Required action
In the data below, find every line with the word "Hrefl" and copy it out.

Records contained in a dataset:
(* Equal distances to two points of L, the foot w0 of the origin and
   w0 + (-b, a), force z' - z to be normal to L. *)
Lemma mirror_eq_reflect_pt L a b c z z' :
  line_eqn L a b c -> mirror L z z' -> z' = reflect_pt a b c z.
Proof.
  intros [Hab HL] [Hd Hne]; pose proof (norm2_pos a b Hab) as Hn.
  destruct z as [x y], z' as [x' y'].
  set (u := c * a / (a ^ 2 + b ^ 2)); set (v := c * b / (a ^ 2 + b ^ 2)).
  assert (Huv : a * u + b * v = c) by (unfold u, v; field; lra).
  assert (D0 := Hd (u, v) ltac:(apply HL; exact Huv)).
  assert (D1 := Hd (u - b, v + a) ltac:(apply HL; unfold line_of; cbn [fst snd]; nra)).
  unfold dist2 in D0, D1; cbn [fst snd] in D0, D1.
  assert (Hnormal : b * (x' - x) = a * (y' - y)) by nra.
  set (t := (a * (x' - x) + b * (y' - y)) / (a ^ 2 + b ^ 2)).
  assert (Ex : x' = x + t * a).
  { assert (x' - x - t * a = b * (b * (x' - x) - a * (y' - y)) / (a ^ 2 + b ^ 2))
      by (unfold t; field; lra).
    rewrite Hnormal, Rminus_diag, Rmult_0_r, Rdiv_0_l in H; lra. }
  assert (Ey : y' = y + t * b).
  { assert (y' - y - t * b = a * (a * (y' - y) - b * (x' - x)) / (a ^ 2 + b ^ 2))
      by (unfold t; field; lra).
    rewrite Hnormal, Rminus_diag, Rmult_0_r, Rdiv_0_l in H; lra. }
  clearbody t; subst x' y'.
  assert (Ht : t * (t * (a ^ 2 + b ^ 2) + 2 * (a * x + b * y - c)) = 0).
  { rewrite <- Huv; nra. }
  unfold reflect_pt; cbn [fst snd].
  destruct (Rmult_integral _ _ Ht) as [Ht0 | Ht1].
  - subst t; destruct Hne as [Hne | Hon].
    + exfalso; apply Hne; f_equal; ring.
    + apply HL in Hon; unfold line_of in Hon; cbn [fst snd] in Hon.
      rewrite Hon; f_equal; field; lra.
  - replace t with (t * (a ^ 2 + b ^ 2) / (a ^ 2 + b ^ 2)) by (field; lra).
    replace (t * (a ^ 2 + b ^ 2)) with (- 2 * (a * x + b * y - c)) by lra.
    f_equal; field; lra.
Qed.

Lemma reflect_set_line L M a b c z :
  line_eqn L a b c -> reflect_set L M z <-> M (reflect_pt a b c z).
Proof.
  intros HL; split.
  - intros [w [Mw Hm]]; rewrite (mirror_eq_reflect_pt L a b c w z HL Hm).
    now rewrite reflect_ptK by apply HL.
  - intros Hz; exists (reflect_pt a b c z); split; [exact Hz|].
    pose proof (mirror_reflect_pt L a b c (reflect_pt a b c z) HL) as H.
    now rewrite reflect_ptK in H by apply HL.
Qed.

Lemma sqdist_line L a b c z : line_eqn L a b c ->
  is_sqdist z L ((a * fst z + b * snd z - c) ^ 2 / (a ^ 2 + b ^ 2)).
Proof.
  intros [Hab HL]; pose proof (norm2_pos a b Hab) as Hn.
  destruct z as [x y]; cbn [fst snd]; split.
  - set (k := (a * x + b * y - c) / (a ^ 2 + b ^ 2)).
    exists (x - k * a, y - k * b); split.
    + apply HL; unfold line_of, k; cbn [fst snd]; field; lra.
    + unfold dist2, k; cbn [fst snd]; field; lra.
  - intros [u v] Hw; apply HL in Hw; unfold line_of in Hw; cbn [fst snd] in Hw.
    unfold dist2; cbn [fst snd].
    (* Lagrange's identity for (a, b) and (x - u, y - v). *)
    assert (E : (a ^ 2 + b ^ 2) * ((x - u) ^ 2 + (y - v) ^ 2) - (a * x + b * y - c) ^ 2
                = (a * (y - v) - b * (x - u)) ^ 2) by (rewrite <- Hw; ring).
    apply (Rmult_le_reg_r (a ^ 2 + b ^ 2)); [lra|].
    unfold Rdiv; rewrite Rmult_assoc, Rinv_l, Rmult_1_r by lra.
    pose proof (pow2_ge_0 (a * (y - v) - b * (x - u))); lra.
Qed.

Lemma line_eqn_perp_bisector p q : p <> q ->
  line_eqn (perp_bisector p q) (2 * (fst q - fst p)) (2 * (snd q - snd p))
    (fst q ^ 2 + snd q ^ 2 - fst p ^ 2 - snd p ^ 2).
Proof.
  destruct p as [x y], q as [x' y']; cbn [fst snd]; intros Hne; split.
  - destruct (Req_dec x x'); [right; intros H'; apply Hne; f_equal|left]; lra.
  - intros [u v]; unfold perp_bisector, dist2, line_of; cbn [fst snd].
    split; intros; lra.
Qed.

Lemma reflect_perp_bisector p q : p <> q ->
  exists a b c, line_eqn (perp_bisector p q) a b c /\ reflect_pt a b c p = q.
Proof.
  intros Hne; pose proof (line_eqn_perp_bisector p q Hne) as E.
  do 3 eexists; split; [exact E|].
  symmetry; apply (mirror_eq_reflect_pt _ _ _ _ _ _ E).
  split; [intros w Hw; exact Hw | now left].
Qed.

Definition yaxis : pset := line_through (0, 0) (0, 1).
Definition xaxis : pset := perp_bisector (0, -1/2) (0, 1/2).

Lemma line_eqn_yaxis k : k <> 0 -> line_eqn yaxis k 0 0.
Proof.
  intros Hk; split; [now left|].
  intros [x y]; unfold yaxis, line_through, line_of; cbn [fst snd].
  split; intros H; [nra|]. assert (x = 0) by (apply (Rmult_eq_reg_l k); lra). nra.
Qed.

Lemma line_eqn_xaxis k : k <> 0 -> line_eqn xaxis 0 k 0.
Proof.
  intros Hk; split; [now right|].
  intros [x y]; unfold xaxis, perp_bisector, dist2, line_of; cbn [fst snd].
  split; intros H; [assert (y = 0) by lra; subst; field|].
  assert (y = 0) by (apply (Rmult_eq_reg_l k); lra); subst; field.
Qed.

Section OrigamiClosed.

Variables (P : pset) (Ls : pset -> Prop).
Hypothesis HO : origami_pair P Ls.

Lemma P_meet L1 L2 p : Ls L1 -> Ls L2 -> (exists q, L1 q /\ ~ L2 q) ->
  L1 p -> L2 p -> P p.
Proof. apply HO. Qed.

Lemma Ls_line_through p q : P p -> P q -> p <> q -> Ls (line_through p q).
Proof. apply HO. Qed.

Lemma Ls_perp_bisector p q : P p -> P q -> p <> q -> Ls (perp_bisector p q).
Proof. apply HO. Qed.

(* When the normals have equal length, the distances of a point to L1 and L2
   agree as soon as the two affine forms agree. *)
Lemma Ls_equidistant L1 L2 a b c a' b' c' : Ls L1 -> Ls L2 ->
  line_eqn L1 a b c -> line_eqn L2 a' b' c' -> a ^ 2 + b ^ 2 = a' ^ 2 + b' ^ 2 ->
  (exists q, L1 q /\ ~ L2 q) -> a - a' <> 0 \/ b - b' <> 0 ->
  Ls (line_of (a - a') (b - b') (c - c')).
Proof.
  intros H1 H2 E1 E2 Hnorm Hq Hab.
  destruct HO as (_ & _ & _ & _ & Hequi & _).
  apply (Hequi L1 L2 _ H1 H2 Hq).
  - exists (a - a'), (b - b'), (c - c'); split; [exact Hab | tauto].
  - intros z Hz; unfold line_of in Hz.
    exists ((a * fst z + b * snd z - c) ^ 2 / (a ^ 2 + b ^ 2)); split.
    + now apply sqdist_line.
    + replace (a * fst z + b * snd z - c) with (a' * fst z + b' * snd z - c') by lra.
      rewrite Hnorm; now apply sqdist_line.
Qed.

Lemma P_reflect_noncollinear L a b c p q r : Ls L -> line_eqn L a b c ->
  P p -> P q -> P r -> ~ line_through p q r -> P (reflect_pt a b c p).
Proof.
  intros HL EL Hp Hq Hr Hpqr.
  destruct HO as (_ & _ & _ & _ & _ & Hrefl).
  assert (Hpq : p <> q) by (intros <-; apply Hpqr; unfold line_through; ring).
  assert (Hpr : p <> r) by (intros <-; apply Hpqr; unfold line_through; ring).
  assert (Hthrough : forall s w, line_through s w s)
    by (intros; unfold line_through; ring).
  apply (P_meet (reflect_set L (line_through p q)) (reflect_set L (line_through p r)));
    try apply Hrefl; try apply Ls_line_through; auto.
  - exists (reflect_pt a b c q).
    rewrite !(reflect_set_line L _ a b c _ EL), reflect_ptK by apply EL.
    split; [unfold line_through; ring|].
    intros H; apply Hpqr; unfold line_through in *; lra.
  - apply (reflect_set_line L _ a b c _ EL); rewrite reflect_ptK by apply EL; auto.
  - apply (reflect_set_line L _ a b c _ EL); rewrite reflect_ptK by apply EL; auto.
Qed.

Hypotheses (P00 : P (0, 0)) (P01 : P (0, 1)).

Lemma Ls_yaxis : Ls yaxis.
Proof. apply Ls_line_through; auto; intros E; injection E; lra. Qed.

Lemma Ls_perp_bisector01 : Ls (perp_bisector (0, 0) (0, 1)).
Proof. apply Ls_perp_bisector; auto; intros E; injection E; lra. Qed.

Lemma P_half : P (0, 1/2).
Proof.
  pose proof (line_eqn_perp_bisector (0, 0) (0, 1) ltac:(intros E; injection E; lra)) as E.
  cbn [fst snd] in E.
  apply (P_meet _ _ _ Ls_yaxis Ls_perp_bisector01).
  - exists (0, 0); split; [unfold yaxis, line_through; cbn; ring|].
    rewrite (proj2 E); unfold line_of; cbn; lra.
  - unfold yaxis, line_through; cbn; ring.
  - apply E; unfold line_of; cbn; lra.
Qed.

(* The intersection of y = 1/4 with a bisector of the y-axis and y = 1/2. *)
Lemma P_off_yaxis : P (-1/4, 1/4).
Proof.
  assert (Hne : (0, 0) <> (0, 1/2)) by (intros E; injection E; lra).
  pose proof (line_eqn_perp_bisector _ _ Hne) as Equarter; cbn [fst snd] in Equarter.
  pose proof (line_eqn_perp_bisector (0, 0) (0, 1) ltac:(intros E; injection E; lra))
    as Ehalf; cbn [fst snd] in Ehalf.
  assert (Hbis : Ls (line_of (2 - 2 * (0 - 0)) (0 - 2 * (1 - 0))
                             (0 - (0 ^ 2 + 1 ^ 2 - 0 ^ 2 - 0 ^ 2)))).
  { apply (Ls_equidistant _ _ _ _ _ _ _ _ Ls_yaxis Ls_perp_bisector01
             (line_eqn_yaxis 2 ltac:(lra)) Ehalf); try lra.
    exists (0, 0); split; [unfold yaxis, line_through; cbn; ring|].
    rewrite (proj2 Ehalf); unfold line_of; cbn; lra. }
  apply (P_meet _ _ _ Hbis (Ls_perp_bisector _ _ P00 P_half Hne)).
  - exists (0, 1/2); split; [unfold line_of; cbn; lra|].
    rewrite (proj2 Equarter); unfold line_of; cbn; lra.
  - unfold line_of; cbn; lra.
  - apply Equarter; unfold line_of; cbn; lra.
Qed.

Lemma P_reflect L a b c p : Ls L -> line_eqn L a b c -> P p -> P (reflect_pt a b c p).
Proof.
  intros HL EL Hp; destruct p as [x y].
  destruct (Req_dec x 0) as [-> | Hx].
  - destruct (Req_dec y 0) as [-> | Hy].
    + apply (P_reflect_noncollinear L a b c _ (0, 1) (-1/4, 1/4));
        auto using P_off_yaxis; unfold line_through; cbn; lra.
    + apply (P_reflect_noncollinear L a b c _ (0, 0) (-1/4, 1/4));
        auto using P_off_yaxis; unfold line_through; cbn; intros E; apply Hy; nra.
  - apply (P_reflect_noncollinear L a b c _ (0, 0) (0, 1)); auto.
    unfold line_through; cbn; intros E; apply Hx; nra.
Qed.

Lemma P_eq_reflect L a b c p q : Ls L -> line_eqn L a b c -> P p ->
  reflect_pt a b c p = q -> P q.
Proof. intros HL EL Hp <-; now apply (P_reflect L). Qed.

Solution for this exercise
  destruct HO as (_ & _ & _ & _ & _ & Hrefl).
    try apply Hrefl; try apply Ls_line_through; auto.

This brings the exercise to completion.